Currency Product Nicknames
AUD/USD the AussieEUR/USD the Euro
GBP/JPY the GeppyGBP/USD the Cable
NZD/USD the KiwiUSD/CAD the Loonie
USD/CHF the Swissy,USD/JPY the Gopher
Leverage Increases Profits, Losses and Risk
For the small investor in the Forex market, leverage is an essential part of the trade. It enables him/her to make more than a few pips on a trade. You can buy currencies on margin, using borrowed money for your trade. Minimum trading size for most deals is usually $100,000. You can trade a $101,000 lot with just $1,000 of your own money and $100,000 of borrowed funds. This is leverage of 100:1. If you sell out for $116,000, you can repay the $100,000 and keep the $15,000 gain for yourself, minus interest charges. This is a return of 1500% on your investment of $1,000.
Give me a place to stand and with a lever I will move the whole world. – Archimedes
The leverage of borrowed money works in your favor, when your trade makes money. Leverage works to your disadvantage when your trade loses money. You could lose $14,000, and owe $13,000 to the broker. In reality, it is unlikely that you will lose this much. If the value of your position falls below the amount in your account, the position will be closed out for you and your account closed.
Why Does the Price of Foreign Currency Change?
Money has no intrinsic value. Its value is determined by the willingness of people to accept it as a mediium of barter. The value of a currency fluctuates as a result of supply and demand. It reflects events going on in the world. The factors that move currency prices are economic factors, political conditions and market psychology, both the actual current conditions, their trends and the expectation of future events.

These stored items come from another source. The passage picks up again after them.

(* There exists a QCQP in $N=2$ variables with $m=2$ constraints such that: Assumptions A and B hold; the quadratic eigenvalue multiplicity is $k=1$; $k\ge\operatorname{affdim}(\{b(\gamma):\gamma\in\mathcal F\})+1$ for every semidefinite face $\mathcal F$ of $\Gamma$; but $\mathrm{Opt}\neq\mathrm{Opt}_{\mathrm{SDP}}$ (and hence $\operatorname{conv}(\mathcal D)\neq\mathcal D_{\mathrm{SDP}}$).
   Context: A QCQP is given by integers $N\ge 1$, $m_I,m_E\ge 0$, $m:=m_I+m_E\ge 1$ and, for $i\in[0,m]$ ($[a,b]=\{a,\dots,b\}$, $[n]=[1,n]$), $q_i(x)=x^\top A_ix+2b_i^\top x+c_i$ with $A_i\in\mathbb S^N$, $b_i\in\mathbb R^N$, $c_i\in\mathbb R$. $\mathrm{Opt}:=\inf\{q_0(x): q_i(x)\le 0\ \forall i\in[m_I],\ q_i(x)=0\ \forall i\in[m_I+1,m]\}$; $\mathcal D:=\{(x,t): q_0(x)\le 2t$ and the same constraints$\}$. With $Q_i=\begin{pmatrix}c_i& b_i^\top\\ b_i& A_i\end{pmatrix}$: $\mathrm{Opt}_{\mathrm{SDP}}:=\inf\{\langle Q_0,Y\rangle: Y=\begin{pmatrix}1&x^\top\\ x& X\end{pmatrix}\succeq 0,\ X\in\mathbb S^N,\ \langle Q_i,Y\rangle\le 0\ \forall i\in[m_I],\ \langle Q_i,Y\rangle=0\ \forall i\in[m_I+1,m]\}$; $\mathcal D_{\mathrm{SDP}}:=\{(x,t):\exists X$ with $Y\succeq0$, $\langle Q_0,Y\rangle\le 2t$ and the same constraints$\}$. $A(\gamma)=A_0+\sum\gamma_iA_i$, $b(\gamma)=b_0+\sum\gamma_ib_i$, $q(\gamma,x)=q_0(x)+\sum\gamma_iq_i(x)$; $\Gamma:=\{\gamma\in\mathbb R^m: A(\gamma)\succeq0,\ \gamma_i\ge0\ \forall i\in[m_I]\}$. Assumption A: the QCQP feasible set is nonempty and some $\gamma^*$ with $\gamma^*_i\ge0$ ($i\in[m_I]$) has $A(\gamma^* )\succ0$. Assumption B: for every $\hat x$, if $\sup_{\gamma\in\Gamma}q(\gamma,\hat x)$ is finite it is attained. A nonempty face $\mathcal F$ of $\Gamma$ is semidefinite if no $\gamma\in\mathcal F$ has $A(\gamma)\succ0$. The quadratic eigenvalue multiplicity is the largest integer $k$ (with $N=nk$) such that each $A_i=I_k\otimes\mathcal A_i$ for some $\mathcal A_i\in\mathbb S^n$. $\operatorname{affdim}$ is the dimension of the affine hull. *)

From Stdlib Require Import Reals Lra Lia Arith.
Open Scope R_scope.

(* Vectors in R^n are functions nat -> R (only coordinates 0..n-1 matter;
   elements of R^n are represented by functions vanishing outside 0..n-1).
   Matrices are nat -> nat -> R. *)
Definition vec := nat -> R.
Definition mat := nat -> nat -> R.

Fixpoint rsum (n : nat) (f : nat -> R) : R :=
  match n with O => 0 | S n' => rsum n' f + f n' end.

Definition dot (n : nat) (x y : vec) : R := rsum n (fun i => x i * y i).
Definition quad (n : nat) (A : mat) (x : vec) : R :=
  rsum n (fun i => rsum n (fun j => x i * A i j * x j)).
Definition frob (n : nat) (A X : mat) : R :=
  rsum n (fun i => rsum n (fun j => A i j * X i j)).

Definition symm (n : nat) (A : mat) : Prop :=
  forall i j, (i < n)%nat -> (j < n)%nat -> A i j = A j i.
Definition psd (n : nat) (A : mat) : Prop := forall x : vec, 0 <= quad n A x.
Definition pd (n : nat) (A : mat) : Prop :=
  forall x : vec, (exists i, (i < n)%nat /\ x i <> 0) -> 0 < quad n A x.

Definition suppv (n : nat) (x : vec) : Prop := forall i, (n <= i)%nat -> x i = 0.
Definition suppm (n : nat) (X : mat) : Prop :=
  forall i j, (n <= i)%nat \/ (n <= j)%nat -> X i j = 0.

(* QCQP data: index 0 = objective, indices 1..m = constraints,
   1..mI inequalities, mI+1..m equalities. *)
Record qcqp := Qcqp {
  qN : nat; qmI : nat; qmE : nat;
  qA : nat -> mat; qb : nat -> vec; qc : nat -> R }.

Definition qm (P : qcqp) : nat := (qmI P + qmE P)%nat.

Definition wf (P : qcqp) : Prop :=
  (1 <= qN P)%nat /\ (1 <= qm P)%nat /\
  forall i, (i <= qm P)%nat -> symm (qN P) (qA P i).

Definition qi (P : qcqp) (i : nat) (x : vec) : R :=
  quad (qN P) (qA P i) x + 2 * dot (qN P) (qb P i) x + qc P i.

Definition feasible (P : qcqp) (x : vec) : Prop :=
  suppv (qN P) x /\
  (forall i, (1 <= i <= qmI P)%nat -> qi P i x <= 0) /\
  (forall i, (qmI P + 1 <= i <= qm P)%nat -> qi P i x = 0).

Inductive ExtR := ERfin (r : R) | ERminf | ERpinf.

Definition IsInfE (S : R -> Prop) (v : ExtR) : Prop :=
  match v with
  | ERfin r => (forall s, S s -> r <= s) /\
               (forall l, (forall s, S s -> l <= s) -> l <= r)
  | ERminf => forall M, exists s, S s /\ s < M
  | ERpinf => forall s, ~ S s
  end.

Definition opt_values (P : qcqp) (v : R) : Prop :=
  exists x, feasible P x /\ v = qi P 0 x.

(* Q_i = [[c_i, b_i^T],[b_i, A_i]] and Y = [[1, x^T],[x, X]] as (N+1)x(N+1) *)
Definition Qmat (P : qcqp) (i : nat) : mat := fun p q =>
  match p, q with
  | O, O => qc P i
  | O, S q' => qb P i q'
  | S p', O => qb P i p'
  | S p', S q' => qA P i p' q'
  end.

Definition Ymat (x : vec) (X : mat) : mat := fun p q =>
  match p, q with
  | O, O => 1
  | O, S q' => x q'
  | S p', O => x p'
  | S p', S q' => X p' q'
  end.

Definition sdp_feasible (P : qcqp) (x : vec) (X : mat) : Prop :=
  suppv (qN P) x /\ suppm (qN P) X /\ symm (qN P) X /\
  psd (S (qN P)) (Ymat x X) /\
  (forall i, (1 <= i <= qmI P)%nat -> frob (S (qN P)) (Qmat P i) (Ymat x X) <= 0) /\
  (forall i, (qmI P + 1 <= i <= qm P)%nat -> frob (S (qN P)) (Qmat P i) (Ymat x X) = 0).

Definition sdp_values (P : qcqp) (v : R) : Prop :=
  exists x X, sdp_feasible P x X /\ v = frob (S (qN P)) (Qmat P 0) (Ymat x X).

Definition Dset (P : qcqp) (p : vec * R) : Prop :=
  feasible P (fst p) /\ qi P 0 (fst p) <= 2 * snd p.

Definition Dsdp (P : qcqp) (p : vec * R) : Prop :=
  exists X, sdp_feasible P (fst p) X /\
    frob (S (qN P)) (Qmat P 0) (Ymat (fst p) X) <= 2 * snd p.

Definition conv (Sv : vec * R -> Prop) (p : vec * R) : Prop :=
  exists (n : nat) (l : nat -> R) (pts : nat -> vec * R),
    (forall i, (i < n)%nat -> 0 <= l i /\ Sv (pts i)) /\
    rsum n l = 1 /\
    (forall j, fst p j = rsum n (fun i => l i * fst (pts i) j)) /\
    snd p = rsum n (fun i => l i * snd (pts i)).

(* multipliers gamma in R^m: functions supported on indices 1..m *)
Definition suppg (m : nat) (g : vec) : Prop :=
  forall i, (i = 0%nat \/ (m < i)%nat) -> g i = 0.

Definition Agam (P : qcqp) (g : vec) : mat := fun i j =>
  qA P 0 i j + rsum (qm P) (fun k => g (S k) * qA P (S k) i j).
Definition bgam (P : qcqp) (g : vec) : vec := fun i =>
  qb P 0 i + rsum (qm P) (fun k => g (S k) * qb P (S k) i).
Definition qgam (P : qcqp) (g : vec) (x : vec) : R :=
  qi P 0 x + rsum (qm P) (fun k => g (S k) * qi P (S k) x).

Definition Gamma (P : qcqp) (g : vec) : Prop :=
  suppg (qm P) g /\ psd (qN P) (Agam P g) /\
  (forall i, (1 <= i <= qmI P)%nat -> 0 <= g i).

Definition AssumptionA (P : qcqp) : Prop :=
  (exists x, feasible P x) /\
  (exists g, suppg (qm P) g /\ (forall i, (1 <= i <= qmI P)%nat -> 0 <= g i) /\
             pd (qN P) (Agam P g)).

Definition AssumptionB (P : qcqp) : Prop :=
  forall xh : vec, suppv (qN P) xh ->
    (exists g, Gamma P g) ->
    (exists M, forall g, Gamma P g -> qgam P g xh <= M) ->
    exists g0, Gamma P g0 /\ forall g, Gamma P g -> qgam P g xh <= qgam P g0 xh.

(* I_k (x) B for B an n x n matrix: block diagonal with k copies of B *)
Definition kron_id (n : nat) (B : mat) : mat := fun p q =>
  if Nat.eqb (p / n) (q / n) then B (p mod n) (q mod n) else 0.

Definition has_mult (P : qcqp) (k : nat) : Prop :=
  exists n, qN P = (n * k)%nat /\
    forall i, (i <= qm P)%nat ->
      exists B, symm n B /\
        forall p q, (p < qN P)%nat -> (q < qN P)%nat -> qA P i p q = kron_id n B p q.

Definition quad_eig_mult (P : qcqp) (k : nat) : Prop :=
  has_mult P k /\ forall k', has_mult P k' -> (k' <= k)%nat.

Definition comb (t : R) (x y : vec) : vec := fun i => t * x i + (1 - t) * y i.

Definition is_face (P : qcqp) (F : vec -> Prop) : Prop :=
  (forall g, F g -> Gamma P g) /\
  (forall x y t, F x -> F y -> 0 <= t <= 1 -> F (comb t x y)) /\
  (forall x y t, Gamma P x -> Gamma P y -> 0 < t < 1 -> F (comb t x y) ->
     F x /\ F y).

Definition semidef_face (P : qcqp) (F : vec -> Prop) : Prop :=
  is_face P F /\ (exists g, F g) /\ (forall g, F g -> ~ pd (qN P) (Agam P g)).

(* affine dimension of S ⊆ R^n: dimension of the affine hull, i.e.
   d such that S contains d+1 but not d+2 affinely independent points *)
Definition aff_indep (n d : nat) (p : nat -> vec) : Prop :=
  forall a : nat -> R,
    (forall j, (j < n)%nat -> rsum d (fun i => a i * (p (S i) j - p 0%nat j)) = 0) ->
    forall i, (i < d)%nat -> a i = 0.

Definition has_aff_indep (n d : nat) (Sv : vec -> Prop) : Prop :=
  exists p : nat -> vec, (forall i, (i <= d)%nat -> Sv (p i)) /\ aff_indep n d p.

Definition affdim (n : nat) (Sv : vec -> Prop) (d : nat) : Prop :=
  has_aff_indep n d Sv /\ ~ has_aff_indep n (S d) Sv.

Definition bset (P : qcqp) (F : vec -> Prop) (v : vec) : Prop :=
  exists g, F g /\ v = bgam P g.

Economic factors include government actions, the balance of trade in a country, inflation, and a country’s prosperity. An increase in the government budget deficit has a negative affect on its currency. Trade deficits, when a country imports more than it exports, affect its currency. The monetary policy of a government and the level of interest rates affect a country’s currency. Economic reports of the gross domestic product, employment level, retail sales and capacity utilization are also significant. Large international mergers and acquisitions are another factor. When a country is productive and stable, the demand for its currency increases and likewise its price.

With their substantial currency reserves, national central banks play an important role in the forex market when they try to support currency prices by intervening in the markets. Nevertheless, the global currency markets cannot be controlled by any one country.

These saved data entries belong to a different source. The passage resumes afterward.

Lemma esumZr_fin (T : choiceType) (I : set T) (c : R) (g : T -> R) :
  (0 <= c)%R -> (forall t, 0 <= g t)%R ->
  \esum_(t in I) (g t * c)%:E = c%:E * \esum_(t in I) (g t)%:E.
Proof.
move=> c0 g0; have gE0 t : 0 <= (g t)%:E by rewrite lee_fin.
by rewrite -esumZl //; apply: eq_esum => t _; rewrite EFinM muleC.
Qed.

Lemma esum_preimage (V U : choiceType) (f : V -> U) (g : V -> R) (h : U) :
  \esum_(t in [set t | f t = h]) (g t)%:E
  = \esum_(t in [set: V]) (g t * (f t == h)%:R)%:E.
Proof.
rewrite esum_mkcond; apply: eq_esum => t _.
case: eqVneq => [fth | fth]; first by rewrite mem_set // mulr1.
by rewrite memNset ?mulr0 //; apply/eqP.
Qed.

Lemma sum_indicator (U : eqType) (x : U) (s : seq U) :
  (\sum_(h <- s) ((x == h)%:R : R) = (count_mem x s)%:R)%R.
Proof.
by elim: s => [|h s IH]; rewrite ?big_nil // big_cons IH /= natrD eq_sym.
Qed.

Lemma esum_setT_fin (T : finType) (f : T -> \bar R) :
  (forall t, 0 <= f t) -> \esum_(t in [set: T]) f t = \sum_(t : T) f t.
Proof.
have finT : finite_set [set: T] by exact: finite_finset.
move=> f0; rewrite esum_fset // fsbig_finite //=.
apply: perm_big; apply: uniq_perm; [exact: fset_uniq | exact: index_enum_uniq |].
by move=> t; rewrite in_fset_set // in_setT mem_index_enum.
Qed.

Lemma esum_seq_size (T : finType) (f : seq T -> \bar R) :
  (forall s, 0 <= f s) ->
  \esum_(s in [set: seq T]) f s = \sum_(k <oo) \sum_(t : k.-tuple T) f t.
Proof.
move=> f0.
have -> : [set: seq T] = \bigcup_k [set s | size s = k].
  by apply/seteqP; split => s //= _; exists (size s).
rewrite nneseries_sum_bigcup //; last by move=> i j _ _ [s [/= -> ->]].
apply: eq_eseriesr => k _.
have -> : [set s : seq T | size s = k] = (fun t : k.-tuple T => val t) @` setT.
  apply/seteqP; split => s /=; first by move=> sk; exists (Tuple (introT eqP sk)).
  by move=> [t _ <-]; rewrite size_tuple.
by rewrite esum_image ?esum_setT_fin //; move=> a b _ _; apply: val_inj.
Qed.

Lemma esum_fibers_le (V U : choiceType) (f : V -> U) (g : V -> R) (I : set U) :
  (forall t, 0 <= g t)%R ->
  \esum_(h in I) \esum_(t in [set: V]) (g t * (f t == h)%:R)%:E
  <= \esum_(t in [set: V]) (g t)%:E.
Proof.
move=> g0; apply: ge_ereal_sup => _ [H [finH HI] <-].
rewrite fsbig_finite //= -esum_sum; last by move=> t h _ _; rewrite lee_fin mulr_ge0.
apply: le_esum => t _; rewrite sumEFin lee_fin -mulr_sumr sum_indicator.
rewrite count_uniq_mem; last exact: fset_uniq.
by case: (_ \in _); rewrite ?mulr1 ?mulr0.
Qed.

End NonnegativeSums.

(* The (unnormalised) law of f t when t carries the weights w. *)
Definition pushforward {R : realType} {V U : choiceType} (f : V -> U)
  (w : V -> R) (h : U) : \bar R :=
  \esum_(t in [set: V]) (w t * (f t == h)%:R)%:E.

Section ChiSquareDataProcessing.
Context {R : realType} {V U : choiceType}.
Variables (f : V -> U) (r : V -> R).
Hypothesis r_ge0 : forall t, 0 <= r t.
Local Open Scope ereal_scope.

War, revolutions, political upheaval and natural disasters, any element of uncertainty or surprise can make a currency unstable in the foreign exchange markets. If governments need more money, if they run deficits and ruin their credit, they can always make more money, or else raise taxes. There is an economic relationship between an increase in the money supply and an increase in prices of goods and services, which we know as inflation. Interest rate changes are important for the price of a country’s currency. Money markets around the world keep a check on government powers.

The psychology of the foreign exchange market and the perceptions of traders influence foreign currency prices. In period of uncertainty and upheaval, markets turn to stronger currencies as a safe haven. Traders often move as a herd in anticipation of future events, rightly or wrongly, which can lead to a market that is overbought or oversold. Traders often fixate on a certain economic figure as the talisman of trading strategy and get trigger-happy when any change is announced. They can grow preoccupied with money supply or inflation and over-weigh its significance.

There is little or no inside information in the foreign exchange markets. Major news is released publicly, often on scheduled dates, so most people have access to the same news at the same time. However, the large banks still have an important advantage in the foreign exchange market because they can see their customers' order flow.

Whether you are active in the currency exchange markets, or you decide to sit this game out on the sidelines, in coming years you’ll hear more about Forex as an important, growing financial arena.

I hope life brings you much success. I wish you a very happy day.